PROBLEM STATEMENT: Where the material below has a line containing "by rewrite cov_mx_noise; ring.", start repeating exactly, and keep going through the line containing "have U0 : 0", with no other lines.

RECORDED INFORMATION:
Lemma integral_mscale_dirac (r : {nonneg R}) (c : T) (f : T -> R) :
  measurable_fun setT f ->
  (\int[mscale r \d_c]_x (f x)%:E = (r%:num * f c)%:E)%E.
Proof.
move=> mf; have mfE : measurable_fun setT (fun x => (f x)%:E) by exact/measurable_EFinP.
rewrite integralE !ge0_integral_mscale //; try exact: measurable_funeneg;
  try exact: measurable_funepos; try by move=> x _; rewrite ?funeneg_ge0 ?funepos_ge0.
rewrite !integral_dirac ?diracT ?mul1e //; try exact: measurable_funeneg;
  try exact: measurable_funepos.
rewrite funeposE funenegE -EFin_max -EFinN -EFin_max -!EFinM -EFinB -mulrBr.
by congr (_ * _)%:E; have [|] := leP 0 (f c); have [|] := leP (- f c) 0; lra.
Qed.

Lemma integrable_mscale_dirac (r : {nonneg R}) (c : T) (f : T -> R) :
  measurable_fun setT f -> (mscale r \d_c).-integrable setT (fun x => (f x)%:E).
Proof.
move=> mf; apply/integrableP; split; first exact/measurable_EFinP.
rewrite ge0_integral_mscale // ?integral_dirac ?diracT ?mul1e //; try exact: measurable_abse.
by rewrite -EFinM ltry.
Qed.

Variable q : R.
Hypothesis q01 : 0 <= q <= 1.
Variables a b : T.

Let onem_ge0 : 0 <= 1 - q. Proof. by case/andP: q01 => _; rewrite subr_ge0. Qed.
Let q_ge0 : 0 <= q. Proof. by case/andP: q01. Qed.

Definition two_point : set T -> \bar R :=
  measure_add (mscale (NngNum onem_ge0) \d_a) (mscale (NngNum q_ge0) \d_b).

HB.instance Definition _ := Measure.on two_point.

Lemma two_pointE A : two_point A = ((1 - q) * (a \in A)%:R + q * (b \in A)%:R)%:E.
Proof. by rewrite /two_point measure_addE /= /mscale /= !diracE. Qed.

Let two_pointT : two_point setT = 1%E.
Proof. by rewrite two_pointE !in_setT !mulr1 subrK. Qed.

HB.instance Definition _ := Measure_isProbability.Build _ _ _ two_point two_pointT.

Lemma integral_two_point (f : T -> R) : measurable_fun setT f ->
  (\int[two_point]_x (f x)%:E = ((1 - q) * f a + q * f b)%:E)%E.
Proof.
move=> mf; rewrite integral_measure_add //; try exact: integrable_mscale_dirac.
by rewrite !integral_mscale_dirac.
Qed.

Lemma integrable_two_point (f : T -> R) : measurable_fun setT f ->
  two_point.-integrable setT (fun x => (f x)%:E).
Proof.
move=> mf; apply/integrableP; split; first exact/measurable_EFinP.
rewrite ge0_integral_measure_add // ?ge0_integral_mscale // ?integral_dirac //;
  try exact: measurable_abse.
by rewrite /= !diracT !mul1e -!EFinM -EFinD ltry.
Qed.

End TwoPointLaw.

Definition collapse (R : realType) (n N : nat) (mu0 : n.-tuple R) (eps : R)
    (x : N.-tuple (n.-tuple R)) : N.-tuple (n.-tuple R) :=
  if (#|[set i | tnth x i != mu0]|)%:R <= eps * N%:R then [tuple mu0 | _ < N] else x.

Lemma adversary_collapse (R : realType) (n N : nat) (mu0 : n.-tuple R) (eps : R) :
  0 <= eps -> adversary eps (@collapse R n N mu0 eps).
Proof.
move=> eps0 x; rewrite /collapse; case: ifP => [few|_]; last first.
  rewrite (_ : #|_| = 0%N) ?mulr_ge0 //.
  by apply: eq_card0 => i; apply/negP => /set_mem /=; rewrite eqxx.
apply: le_trans few; rewrite ler_nat subset_leq_card //.
by apply/fintype.subsetP => i /set_mem /=; rewrite tnth_mktuple eq_sym => /mem_set.
Qed.

Section CorruptedTwoPoint.
Variables (R : realType) (n N : nat) (s2 eps : R) (mu0 mu : n.-tuple R).
Hypotheses (eps_gt0 : 0 < eps) (eps_le2 : eps <= 2).
Hypothesis mu_near : sqnorm (vsub mu mu0) <= eps / 2 * s2.

Local Notation q := (eps / 2).
Let q_gt0 : 0 < q. Proof. by rewrite divr_gt0. Qed.
Let q01 : 0 <= q <= 1. Proof. by rewrite ltW //= ler_pdivrMr // mul1r. Qed.

(* mu + a = mu0, and b is chosen so that (1 - q) a + q b = 0. *)
Let a := vsub mu0 mu.
Let b := [tuple (1 - q^-1) * tnth a j | j < n].
Let atom (t : bool) := if t then b else a.
Let noise_law := two_point q01 a b.
Let sample (w : coins N) := [tuple vadd mu (atom (w i)) | i < N].

Lemma mean_vec_noise : mean_vec noise_law = 0.
Proof.
apply/rowP => j; rewrite !mxE integral_two_point; last exact: measurable_tnth.
by rewrite /= /b !tnth_mktuple; field; rewrite gt_eqF.
Qed.

Lemma cov_mx_noise j k : cov_mx noise_law j k = (1 - q) / q * (tnth a j * tnth a k).
Proof.
rewrite /cov_mx mxE mean_vec_noise integral_two_point /=; last first.
  by apply: measurable_funM; apply: measurable_funB => //; exact: measurable_tnth.
by rewrite !mxE !subr0 /b !tnth_mktuple; field; rewrite gt_eqF.
Qed.

Lemma noise_law_Xi : Xi_class s2 noise_law.
Proof.
split; first by move=> j; apply: integrable_two_point; exact: measurable_tnth.
split.
  by move=> j; apply: integrable_two_point; apply: measurable_funX; exact: measurable_tnth.
split; first exact: mean_vec_noise.
move=> u; rewrite mul_mx_scalar !mxE.
under eq_bigr do rewrite !mxE.
under [X in _ <= X]eq_bigr do rewrite !mxE.
set S := \sum_j u 0 j * tnth a j; set U := \sum_j u 0 j ^+ 2.
have -> : \sum_k (\sum_j u 0 j * cov_mx noise_law j k) * u 0 k = (1 - q) / q * S ^+ 2.
  rewrite expr2 mulrA [RHS]mulr_sumr; apply: eq_bigr => k _.
  rewrite /S mulr_sumr !mulr_suml; apply: eq_bigr => j _.
  by rewrite cov_mx_noise; ring.
have -> : \sum_k s2 * u 0 k * u 0 k = s2 * U.
  by rewrite mulr_sumr; apply: eq_bigr => k _; ring.
have a_small : sqnorm a <= q * s2 by rewrite /a sqnorm_vsubC.
have CS : S ^+ 2 <= U * sqnorm a := cauchy_schwarz_sum _ _.
have U0 : 0 <= U by apply: sumr_ge0 => j _; exact: sqr_ge0.
have s2_ge0 : 0 <= s2 by have := le_trans (sqnorm_ge0 a) a_small; rewrite pmulr_rge0.
have c0 : 0 <= (1 - q) / q by case/andP: q01 => _ q1; rewrite divr_ge0 ?subr_ge0 // ltW.
apply: le_trans (ler_wpM2l c0 CS) _.
apply: le_trans (ler_wpM2l c0 (ler_wpM2l U0 a_small)) _.
rewrite (_ : (1 - q) / q * (U * (q * s2)) = (1 - q) * (s2 * U)); last by field; rewrite gt_eqF.
by rewrite ler_piMl ?mulr_ge0 // gerBl ltW.
Qed.

Lemma collapse_sample w : heads w <= eps * N%:R ->
  collapse mu0 eps (sample w) = [tuple mu0 | _ < N].
Proof.
move=> few; rewrite /collapse ifT //; apply: le_trans few.
rewrite -sum1_card natr_sum big_mkcond /=; apply: ler_sum => i _.
case: ifPn => [/set_mem /=|_]; last by case: (w i).
by rewrite tnth_mktuple /atom; case: (w i) => //=; rewrite /a vadd_vsub eqxx.
Qed.

Lemma sample_risk_attainable (K : set (n.-tuple R))
    (muhat : N.-tuple (n.-tuple R) -> n.-tuple R) : K mu ->
  attainable_risks K s2 eps muhat
    (\int[coins_prob q01]_w (sqnorm (vsub (muhat (collapse mu0 eps (sample w))) mu))%:E)%E.
Proof.
move=> Kmu; exists mu; split => //.
exists default_measure_display, (coins N), (coins_prob q01), (fun i (w : coins N) => atom (w i)),
  noise_law.
split; first exact: noise_law_Xi.
split; first by move=> i; exact: measurable_fun_coins.
split; first by move=> i B _; rewrite /= coins_prob_coord two_pointE.
split; first by move=> B _; exact: coins_prob_indep.
by exists (collapse mu0 eps); split => //; apply: adversary_collapse; exact: ltW.
Qed.

Lemma sample_risk_ge (muhat : N.-tuple (n.-tuple R) -> n.-tuple R) :
  ((2^-1 * sqnorm (vsub (muhat [tuple mu0 | _ < N]) mu))%:E <=
   \int[coins_prob q01]_w (sqnorm (vsub (muhat (collapse mu0 eps (sample w))) mu))%:E)%E.
Proof.
set c := sqnorm _; have c0 : 0 <= c := sqnorm_ge0 _.
set G := [set w : coins N | heads w <= eps * N%:R].
apply: (@le_trans _ _ (\int[coins_prob q01]_w (c%:E * (\1_G w)%:E))%E).
  rewrite ge0_integralZl ?lee_fin //; try exact: measurable_fun_coins.
  rewrite integral_indic // setIT EFinM muleC lee_wpmul2l ?lee_fin //.
  by apply: coins_prob_heads_le => //; rewrite mulrC divfK.
apply: ge0_le_integral => //; try exact: measurable_fun_coins.
  by move=> w _; rewrite mule_ge0 ?lee_fin.
move=> w _; rewrite indicE; have [Gw|nGw] := pselect (G w).
  by rewrite mem_set // mule1 collapse_sample.
by rewrite memNset // mule0 lee_fin sqnorm_ge0.
Qed.

Lemma worst_risk_ge_const_sample (K : set (n.-tuple R))
    (muhat : N.-tuple (n.-tuple R) -> n.-tuple R) : K mu ->
  ((2^-1 * sqnorm (vsub (muhat [tuple mu0 | _ < N]) mu))%:E
     <= worst_risk K s2 eps muhat)%E.
Proof.
move=> Kmu; apply: le_trans (sample_risk_ge muhat) _.
exact/ereal_sup_ubound/sample_risk_attainable.
Qed.

End CorruptedTwoPoint.

Lemma worst_risk_ge_two_point (R : realType) (n N : nat) (K : set (n.-tuple R))
    (s2 eps : R) (mu0 mu1 : n.-tuple R) (muhat : N.-tuple (n.-tuple R) -> n.-tuple R) :
  0 < eps -> eps <= 2 -> K mu0 -> K mu1 -> sqnorm (vsub mu1 mu0) <= eps / 2 * s2 ->
  ((8^-1 * sqnorm (vsub mu1 mu0))%:E <= worst_risk K s2 eps muhat)%E.
Proof.
move=> eps0 eps2 Kmu0 Kmu1 near.
have near0 : sqnorm (vsub mu0 mu0) <= eps / 2 * s2.
  by rewrite sqnorm_vsubxx (le_trans (sqnorm_ge0 _) near).
have risk0 := worst_risk_ge_const_sample eps0 eps2 near0 muhat Kmu0.
have risk1 := worst_risk_ge_const_sample eps0 eps2 near muhat Kmu1.
set c := muhat _ in risk0 risk1.
(* A single guess c cannot be close to both mu0 and mu1. *)
have := sqnorm_vsub_le mu1 mu0 c; rewrite !(sqnorm_vsubC _ c).
have [le01|le10] := leP (sqnorm (vsub c mu0)) (sqnorm (vsub c mu1)) => sep.
  by apply: le_trans risk1; rewrite lee_fin; lra.
by apply: le_trans risk0; rewrite lee_fin; lra.
Qed.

WRITTEN SOLUTION:
  by rewrite cov_mx_noise; ring.
have -> : \sum_k s2 * u 0 k * u 0 k = s2 * U.
  by rewrite mulr_sumr; apply: eq_bigr => k _; ring.
have a_small : sqnorm a <= q * s2 by rewrite /a sqnorm_vsubC.
have CS : S ^+ 2 <= U * sqnorm a := cauchy_schwarz_sum _ _.
have U0 : 0 <= U by apply: sumr_ge0 => j _; exact: sqr_ge0.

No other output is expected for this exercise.